**What you are asked to do:** Write the data below out again, unchanged.
*** Opening Material shown ***
Theorem corollary5p3 (R : realType) (d : nat) (hd : (0 < d)%N)
  (nu : R -> R) (dO : measure_display) (O : measurableType dO)
  (P : probability O R) (X : R -> O -> d.-tuple R) :
  H0_density d nu ->
  is_isotropic_pure_jump_levy P X nu ->
  H1_profile nu ->
  H2_harnack P X ->
  forall f : d.-tuple R -> R,
    measurable_fun [set: d.-tuple R] f ->
    (forall y, 0 <= f y) ->
    (lebint (fun y : d.-tuple R => (f y * minr (nu (enorm y)) 1)%:E) < +oo)%E ->
    forall x : d.-tuple R,
      (lebint (fun y : d.-tuple R => (f y * minr (nu (enorm (subv x y))) 1)%:E) < +oo)%E.
Proof.
case: d hd X => [//|n] _ X.
move=> [nu_ge0 _ nu_infty] _ [nu_nonincr _ [a1 [nu_le_shift1 nu_le_double]]] _.
move=> f _ f_ge0 F0_fin x.
have nu_pos := nu_gt0 nu_ge0 nu_nonincr nu_le_shift1 nu_le_double nu_infty.
have L0 : 0 <= 2 * norm1 x by rewrite mulr_ge0 ?norm1_ge0.
have [C C0 nu_le_C] := minr_nu_le nu_ge0 nu_nonincr nu_le_shift1 L0 nu_pos.
set F0 := fun y => (f y * minr (nu (enorm y)) 1)%:E.
have F0_ge0 t : t != 0 -> forall w, (0 <= F0 (cons_tuple t w))%E.
  move=> t0 w; rewrite lee_fin mulr_ge0 // le_min ler01 nu_ge0 //.
  exact: (enorm_gt0 (i := ord0)).
have F0pos_le : (lebint F0^\+ <= lebint F0)%E.
  apply: le_lebint_cons => t t0 w; last exact: F0_ge0.
  by rewrite funeposE (max_idPl (F0_ge0 t t0 w)).
have F0pos_fin : (lebint F0^\+ \is a fin_num)%E.
  rewrite ge0_fin_numE; first exact: le_lt_trans F0pos_le F0_fin.
  by apply: lebint_ge0 => v; exact: funepos_ge0.
apply: (@le_lt_trans _ _ (lebint (fun v => C%:E * F0^\+ v))%E).
  apply: le_lebint_cons => t t0 w; last by rewrite mule_ge0 ?lee_fin ?funepos_ge0.
  rewrite funeposE (max_idPl (F0_ge0 t t0 w)) -EFinM lee_fin mulrCA ler_wpM2l //.
  by apply: nu_le_C; [exact: (enorm_gt0 (i := ord0)) | exact: enorm_subv_ge].
apply: le_lt_trans (lebintZl_le C0 (fun v => funepos_ge0 F0 v)) _.
by rewrite -(fineK F0pos_fin) -EFinM ltry.
Qed.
*** Closing Material shown ***
**Output for this exercise:**
Theorem corollary5p3 (R : realType) (d : nat) (hd : (0 < d)%N)
  (nu : R -> R) (dO : measure_display) (O : measurableType dO)
  (P : probability O R) (X : R -> O -> d.-tuple R) :
  H0_density d nu ->
  is_isotropic_pure_jump_levy P X nu ->
  H1_profile nu ->
  H2_harnack P X ->
  forall f : d.-tuple R -> R,
    measurable_fun [set: d.-tuple R] f ->
    (forall y, 0 <= f y) ->
    (lebint (fun y : d.-tuple R => (f y * minr (nu (enorm y)) 1)%:E) < +oo)%E ->
    forall x : d.-tuple R,
      (lebint (fun y : d.-tuple R => (f y * minr (nu (enorm (subv x y))) 1)%:E) < +oo)%E.
Proof.
case: d hd X => [//|n] _ X.
move=> [nu_ge0 _ nu_infty] _ [nu_nonincr _ [a1 [nu_le_shift1 nu_le_double]]] _.
move=> f _ f_ge0 F0_fin x.
have nu_pos := nu_gt0 nu_ge0 nu_nonincr nu_le_shift1 nu_le_double nu_infty.
have L0 : 0 <= 2 * norm1 x by rewrite mulr_ge0 ?norm1_ge0.
have [C C0 nu_le_C] := minr_nu_le nu_ge0 nu_nonincr nu_le_shift1 L0 nu_pos.
set F0 := fun y => (f y * minr (nu (enorm y)) 1)%:E.
have F0_ge0 t : t != 0 -> forall w, (0 <= F0 (cons_tuple t w))%E.
  move=> t0 w; rewrite lee_fin mulr_ge0 // le_min ler01 nu_ge0 //.
  exact: (enorm_gt0 (i := ord0)).
have F0pos_le : (lebint F0^\+ <= lebint F0)%E.
  apply: le_lebint_cons => t t0 w; last exact: F0_ge0.
  by rewrite funeposE (max_idPl (F0_ge0 t t0 w)).
have F0pos_fin : (lebint F0^\+ \is a fin_num)%E.
  rewrite ge0_fin_numE; first exact: le_lt_trans F0pos_le F0_fin.
  by apply: lebint_ge0 => v; exact: funepos_ge0.
apply: (@le_lt_trans _ _ (lebint (fun v => C%:E * F0^\+ v))%E).
  apply: le_lebint_cons => t t0 w; last by rewrite mule_ge0 ?lee_fin ?funepos_ge0.
  rewrite funeposE (max_idPl (F0_ge0 t t0 w)) -EFinM lee_fin mulrCA ler_wpM2l //.
  by apply: nu_le_C; [exact: (enorm_gt0 (i := ord0)) | exact: enorm_subv_ge].
apply: le_lt_trans (lebintZl_le C0 (fun v => funepos_ge0 F0 v)) _.
by rewrite -(fineK F0pos_fin) -EFinM ltry.
Qed.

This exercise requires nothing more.